Dopo un po’ di tempo era in procinto di aprire un atelier nel centro di Roma, zona di
Largo Argentina, non male, peccato che a quasi un anno non se ne sappia ancora
nulla, a ottobre mi disse che abbandonato il progetto dell’atelier a Roma, stava
aprendo nel centro di Taormina, un negozio, anzi a novembre avrebbe aperto:
qualcuno di voi, magari lettori siciliani, ne sa qualcosa? Io si: non ha aperto nulla. Poi
mi ricordo di un’altra fashion designer, venezuelana di origine, al momento in attività
ma solo a parole, l’ultima volta che mi parlò a telefono dava la colpa della sua
inattività a causa della guerra civile nel suo Paese, tra guerriglia e polizia, esercito e
terroristi, sparatorie e saccheggi, non poteva lavorare. Peccato che manchi dal
Venezuela da anni e mentre questo avveniva, perché la guerra civile in Venezuela c’è
stata davvero, lei abitava già da alcuni anni a Roma. Non reggendo come tesi, dopo
alcune battute, cambiò versione: faceva fatica a creare una nuova collezione perché
lei era straniera e gli italiani erano razzisti. Peccato che io conosca venezuelani,
coreani, cinesi, arabi e africani, residenti nel Belpaese ormai da qualche anno, suoi
colleghi, e continuano a disegnare e creare nuove collezioni senza problemi, eppure,
in molti dei loro Paesi d’origine, non si vivono paradisiache realtà. Ho citato due
esempi che mi sono capitati per farvi comprendere che, quando vi interfacciate coi
professionisti, ogni cazzata che voi asserite, viene considerato un punto a vostro
svantaggio: ricordatevi che siamo nell’era delle comunicazioni e ogni informazione
che voi date, viene verificata in tempo reale, quindi, ripeto, se dite una cazzata, tempo
pochi secondi, e si verrà a sapere, a vostro totale svantaggio.

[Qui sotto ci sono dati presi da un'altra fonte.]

(* For any quantum channel $\mathcal{N}$, any integer $d\ge1$ with $I_d$ the noiseless qudit channel (identity channel on a $d$-dimensional system), and any $k>0$, $$F^{PPTp}(\mathcal{N}\otimes I_d,kd)=F^{PPTp}(\mathcal{N},k).$$ Consequently $\kappa^{PPTp}(\mathcal{N}\otimes I_d)=d\,\kappa^{PPTp}(\mathcal{N})$.
   Context: For a quantum channel $\mathcal{N}:\mathcal{L}(A')\to\mathcal{L}(B)$ with $A\cong A'$ and Choi matrix $J_{AB}=\sum_{i,j}|i\rangle\langle j|_A\otimes\mathcal{N}(|i\rangle\langle j|_{A'})$, and $k>0$, $F^{PPTp}(\mathcal{N},k)$ is the optimal value of: maximize $\operatorname{tr}(J_{AB}W_{AB})$ subject to $0\le W_{AB}\le\rho_A\otimes\mathbb{1}_B$, $\operatorname{tr}\rho_A=1$, $-\frac1k\rho_A\otimes\mathbb{1}_B\le W_{AB}^{T_B}\le\frac1k\rho_A\otimes\mathbb{1}_B$, where $T_B$ is partial transpose on $B$. (For a product channel the input system is $AA_2$ and output $BB_2$, with the partial transpose taken on the whole output.) $\kappa^{PPTp}(\mathcal{N})=\max\{k\ge0:F^{PPTp}(\mathcal{N},k)=1\}$. *)

From HB Require Import structures.
From mathcomp Require Import all_boot all_order all_algebra.
From mathcomp Require Import boolp classical_sets reals constructive_ereal ereal.
From mathcomp.real_closed Require Import complex mxtens.

Set Implicit Arguments.
Unset Strict Implicit.
Unset Printing Implicit Defensive.

Import Order.TTheory GRing.Theory Num.Theory.
Local Open Scope ring_scope.

Section QDefs.
Variable R : realType.
Local Notation C := R[i].

Definition adjmx {p q : nat} (A : 'M[C]_(p, q)) : 'M[C]_(q, p) :=
  (map_mx Num.conj A)^T.

Definition psd {p : nat} (A : 'M[C]_p) : Prop :=
  adjmx A = A /\ forall v : 'cV[C]_p, 0 <= (adjmx v *m A *m v) 0 0.

Definition lemx {p : nat} (A B : 'M[C]_p) : Prop := psd (B - A).

(* tensor product f (x) g of linear maps on matrix spaces, defined as the
   linear extension on matrix units:  E_ij (x) E_kl |-> f(E_ij) (x) g(E_kl). *)
Definition tensmap {n1 m1 n2 m2 : nat}
  (f : 'M[C]_n1 -> 'M[C]_m1) (g : 'M[C]_n2 -> 'M[C]_m2)
  (X : 'M[C]_(n1 * n2)) : 'M[C]_(m1 * m2) :=
  \sum_(i < n1) \sum_(j < n1) \sum_(k < n2) \sum_(l < n2)
     X (mxtens_index (i, k)) (mxtens_index (j, l))
       *: (f (delta_mx i j) *t g (delta_mx k l)).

Spesso e volentieri, sono chiamato a gestire l’ufficio stampa di eventi di una certa
importanza, e spesso gli stessi organizzatori mi chiedono informazioni sui brand che

intendono contattare e, per molti, il mio giudizio non è stato positivo, per il semplice
motivo che il loro livello di affidabilità è nullo, magari sono bravi a disegnare, a
creare nuovi abiti ma sono totalmente inaffidabili come professionisti, quindi,
volentieri, li ho fatti depennare, così come ho fatto depennare agenti che forniscono
modelle, organizzatori di eventi, hair stylist, make up artist, modelle, e tutti coloro
che hanno ampiamente dimostrato di non essere affidabili.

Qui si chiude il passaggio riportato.